The entries below contain a line with "Proof. by rewrite -(scale0r" and a line with "have b0 : 0 < b by exact: enorm_gt0.". Quote exactly those two lines and all lines between them.

»»

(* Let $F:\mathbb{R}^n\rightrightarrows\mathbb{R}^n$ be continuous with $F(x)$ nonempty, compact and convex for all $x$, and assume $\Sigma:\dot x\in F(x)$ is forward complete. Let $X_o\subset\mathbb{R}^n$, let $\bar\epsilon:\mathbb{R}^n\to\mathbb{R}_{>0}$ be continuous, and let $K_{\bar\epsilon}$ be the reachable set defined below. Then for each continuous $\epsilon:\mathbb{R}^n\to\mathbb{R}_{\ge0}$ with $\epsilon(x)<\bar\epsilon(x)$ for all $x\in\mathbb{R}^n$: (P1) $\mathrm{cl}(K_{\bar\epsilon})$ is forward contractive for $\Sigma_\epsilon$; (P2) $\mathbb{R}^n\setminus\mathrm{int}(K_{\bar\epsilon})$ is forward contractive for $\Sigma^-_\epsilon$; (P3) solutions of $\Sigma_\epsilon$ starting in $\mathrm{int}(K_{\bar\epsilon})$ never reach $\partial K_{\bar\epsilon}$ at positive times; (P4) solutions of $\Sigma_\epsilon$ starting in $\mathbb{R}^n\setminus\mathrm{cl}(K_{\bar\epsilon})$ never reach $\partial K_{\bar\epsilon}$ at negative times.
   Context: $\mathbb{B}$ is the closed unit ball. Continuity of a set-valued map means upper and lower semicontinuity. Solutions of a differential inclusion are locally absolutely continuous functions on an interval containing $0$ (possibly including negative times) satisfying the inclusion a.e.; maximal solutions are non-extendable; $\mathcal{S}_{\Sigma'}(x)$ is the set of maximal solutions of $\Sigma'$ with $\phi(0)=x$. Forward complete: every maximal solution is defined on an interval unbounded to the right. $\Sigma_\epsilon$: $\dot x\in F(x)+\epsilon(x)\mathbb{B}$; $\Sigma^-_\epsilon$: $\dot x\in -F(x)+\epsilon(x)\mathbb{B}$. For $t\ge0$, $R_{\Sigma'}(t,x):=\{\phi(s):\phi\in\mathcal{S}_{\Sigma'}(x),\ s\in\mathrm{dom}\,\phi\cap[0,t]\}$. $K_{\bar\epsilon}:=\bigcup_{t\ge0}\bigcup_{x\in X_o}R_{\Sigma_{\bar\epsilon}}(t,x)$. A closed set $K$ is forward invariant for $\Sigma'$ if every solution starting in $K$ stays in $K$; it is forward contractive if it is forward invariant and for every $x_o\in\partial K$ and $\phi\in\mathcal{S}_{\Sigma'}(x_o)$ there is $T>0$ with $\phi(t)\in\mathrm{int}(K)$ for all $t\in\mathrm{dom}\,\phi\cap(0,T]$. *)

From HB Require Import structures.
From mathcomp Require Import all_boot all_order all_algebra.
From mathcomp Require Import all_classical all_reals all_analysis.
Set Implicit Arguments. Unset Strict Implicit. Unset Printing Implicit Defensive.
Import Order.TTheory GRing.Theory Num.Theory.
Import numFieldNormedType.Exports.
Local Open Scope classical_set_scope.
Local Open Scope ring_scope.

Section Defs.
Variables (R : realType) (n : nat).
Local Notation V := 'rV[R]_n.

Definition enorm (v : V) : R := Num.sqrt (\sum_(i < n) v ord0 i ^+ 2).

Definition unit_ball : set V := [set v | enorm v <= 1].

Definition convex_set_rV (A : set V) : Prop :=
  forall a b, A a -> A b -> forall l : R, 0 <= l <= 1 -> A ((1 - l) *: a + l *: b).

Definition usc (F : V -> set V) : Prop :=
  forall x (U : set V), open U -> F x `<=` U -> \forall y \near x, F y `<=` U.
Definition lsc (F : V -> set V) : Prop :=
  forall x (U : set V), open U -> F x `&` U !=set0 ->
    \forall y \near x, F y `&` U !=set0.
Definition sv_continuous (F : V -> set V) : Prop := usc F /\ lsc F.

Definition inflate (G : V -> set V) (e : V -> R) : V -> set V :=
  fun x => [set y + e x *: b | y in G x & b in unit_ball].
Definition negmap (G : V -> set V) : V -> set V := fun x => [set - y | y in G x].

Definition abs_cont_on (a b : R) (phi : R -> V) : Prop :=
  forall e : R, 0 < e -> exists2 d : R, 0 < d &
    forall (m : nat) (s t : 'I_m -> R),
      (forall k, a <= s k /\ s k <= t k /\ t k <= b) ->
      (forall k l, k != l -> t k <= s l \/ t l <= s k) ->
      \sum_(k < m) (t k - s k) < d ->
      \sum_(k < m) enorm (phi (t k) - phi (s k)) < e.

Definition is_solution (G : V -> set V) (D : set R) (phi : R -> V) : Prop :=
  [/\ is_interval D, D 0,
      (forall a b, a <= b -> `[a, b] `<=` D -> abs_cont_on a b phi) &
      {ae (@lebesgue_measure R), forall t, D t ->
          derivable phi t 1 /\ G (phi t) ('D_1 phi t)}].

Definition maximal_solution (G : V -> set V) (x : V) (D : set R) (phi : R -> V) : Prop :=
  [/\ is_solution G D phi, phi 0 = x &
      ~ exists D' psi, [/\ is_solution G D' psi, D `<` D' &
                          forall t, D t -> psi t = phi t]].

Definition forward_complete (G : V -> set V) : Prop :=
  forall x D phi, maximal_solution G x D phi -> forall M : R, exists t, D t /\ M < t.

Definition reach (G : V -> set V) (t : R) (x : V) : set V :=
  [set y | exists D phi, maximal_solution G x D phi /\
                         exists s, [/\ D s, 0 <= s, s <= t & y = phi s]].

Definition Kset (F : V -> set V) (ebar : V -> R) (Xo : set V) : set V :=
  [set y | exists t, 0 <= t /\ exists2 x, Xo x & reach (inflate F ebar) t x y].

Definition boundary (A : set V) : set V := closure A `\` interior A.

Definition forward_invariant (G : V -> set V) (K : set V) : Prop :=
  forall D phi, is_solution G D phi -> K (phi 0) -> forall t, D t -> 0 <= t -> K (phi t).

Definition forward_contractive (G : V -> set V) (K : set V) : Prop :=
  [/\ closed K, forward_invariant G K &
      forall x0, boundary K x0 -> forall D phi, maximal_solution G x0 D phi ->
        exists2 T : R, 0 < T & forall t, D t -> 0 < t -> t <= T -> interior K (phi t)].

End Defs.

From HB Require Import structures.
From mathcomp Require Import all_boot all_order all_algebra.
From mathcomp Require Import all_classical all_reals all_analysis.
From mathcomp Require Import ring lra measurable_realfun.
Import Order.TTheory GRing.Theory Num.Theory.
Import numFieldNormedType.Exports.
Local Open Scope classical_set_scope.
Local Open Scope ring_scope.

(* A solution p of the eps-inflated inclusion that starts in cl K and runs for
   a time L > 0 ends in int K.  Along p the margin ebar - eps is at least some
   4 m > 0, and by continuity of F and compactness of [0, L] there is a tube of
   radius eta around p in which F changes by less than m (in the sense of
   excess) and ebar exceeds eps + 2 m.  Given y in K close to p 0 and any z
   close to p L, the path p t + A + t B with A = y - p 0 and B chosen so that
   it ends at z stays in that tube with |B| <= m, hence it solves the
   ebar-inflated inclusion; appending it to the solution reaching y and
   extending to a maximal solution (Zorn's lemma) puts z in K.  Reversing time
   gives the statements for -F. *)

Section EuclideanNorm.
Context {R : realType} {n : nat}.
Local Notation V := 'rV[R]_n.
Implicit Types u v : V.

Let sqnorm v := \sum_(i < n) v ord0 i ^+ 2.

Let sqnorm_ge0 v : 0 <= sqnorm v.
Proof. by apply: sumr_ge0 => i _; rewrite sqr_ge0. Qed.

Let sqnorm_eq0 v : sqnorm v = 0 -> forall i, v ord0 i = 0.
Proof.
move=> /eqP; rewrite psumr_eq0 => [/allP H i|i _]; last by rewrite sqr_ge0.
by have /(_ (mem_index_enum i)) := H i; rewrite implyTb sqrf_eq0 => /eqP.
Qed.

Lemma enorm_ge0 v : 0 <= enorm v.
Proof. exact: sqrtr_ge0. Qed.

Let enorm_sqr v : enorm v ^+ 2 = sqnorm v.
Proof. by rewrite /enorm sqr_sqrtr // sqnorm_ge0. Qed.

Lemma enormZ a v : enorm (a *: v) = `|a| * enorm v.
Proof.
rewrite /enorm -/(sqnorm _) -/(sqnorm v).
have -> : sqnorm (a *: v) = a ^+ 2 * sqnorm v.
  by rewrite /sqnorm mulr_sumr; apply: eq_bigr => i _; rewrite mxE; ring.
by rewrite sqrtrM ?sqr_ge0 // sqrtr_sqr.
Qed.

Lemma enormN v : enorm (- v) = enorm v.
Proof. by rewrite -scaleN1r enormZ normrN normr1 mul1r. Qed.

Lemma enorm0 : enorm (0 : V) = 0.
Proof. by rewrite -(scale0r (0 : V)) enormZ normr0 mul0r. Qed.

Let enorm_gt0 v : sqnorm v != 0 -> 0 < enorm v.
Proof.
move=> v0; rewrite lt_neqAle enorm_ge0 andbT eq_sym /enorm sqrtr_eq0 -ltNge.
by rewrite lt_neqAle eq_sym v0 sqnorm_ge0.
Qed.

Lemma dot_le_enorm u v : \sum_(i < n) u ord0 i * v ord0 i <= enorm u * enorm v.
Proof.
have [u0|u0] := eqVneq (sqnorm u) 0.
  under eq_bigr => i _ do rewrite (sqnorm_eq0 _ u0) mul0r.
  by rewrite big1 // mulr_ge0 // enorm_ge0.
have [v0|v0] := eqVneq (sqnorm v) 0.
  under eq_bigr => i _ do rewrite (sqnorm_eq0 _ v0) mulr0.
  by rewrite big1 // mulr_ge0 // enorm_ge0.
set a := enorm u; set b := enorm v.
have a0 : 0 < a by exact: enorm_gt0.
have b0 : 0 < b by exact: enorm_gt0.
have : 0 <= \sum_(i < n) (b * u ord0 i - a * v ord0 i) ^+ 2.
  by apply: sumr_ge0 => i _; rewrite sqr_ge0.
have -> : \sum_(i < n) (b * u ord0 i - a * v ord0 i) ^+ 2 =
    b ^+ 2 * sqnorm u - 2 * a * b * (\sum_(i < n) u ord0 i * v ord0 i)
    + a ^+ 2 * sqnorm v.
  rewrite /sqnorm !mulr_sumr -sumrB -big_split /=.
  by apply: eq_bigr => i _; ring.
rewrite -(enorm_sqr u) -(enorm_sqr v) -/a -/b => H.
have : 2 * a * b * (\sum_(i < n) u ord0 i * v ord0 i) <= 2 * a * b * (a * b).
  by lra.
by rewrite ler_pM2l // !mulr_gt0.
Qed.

««

— Answer to the problem —
Proof. by rewrite -(scale0r (0 : V)) enormZ normr0 mul0r. Qed.

Let enorm_gt0 v : sqnorm v != 0 -> 0 < enorm v.
Proof.
move=> v0; rewrite lt_neqAle enorm_ge0 andbT eq_sym /enorm sqrtr_eq0 -ltNge.
by rewrite lt_neqAle eq_sym v0 sqnorm_ge0.
Qed.

Lemma dot_le_enorm u v : \sum_(i < n) u ord0 i * v ord0 i <= enorm u * enorm v.
Proof.
have [u0|u0] := eqVneq (sqnorm u) 0.
  under eq_bigr => i _ do rewrite (sqnorm_eq0 _ u0) mul0r.
  by rewrite big1 // mulr_ge0 // enorm_ge0.
have [v0|v0] := eqVneq (sqnorm v) 0.
  under eq_bigr => i _ do rewrite (sqnorm_eq0 _ v0) mulr0.
  by rewrite big1 // mulr_ge0 // enorm_ge0.
set a := enorm u; set b := enorm v.
have a0 : 0 < a by exact: enorm_gt0.
have b0 : 0 < b by exact: enorm_gt0.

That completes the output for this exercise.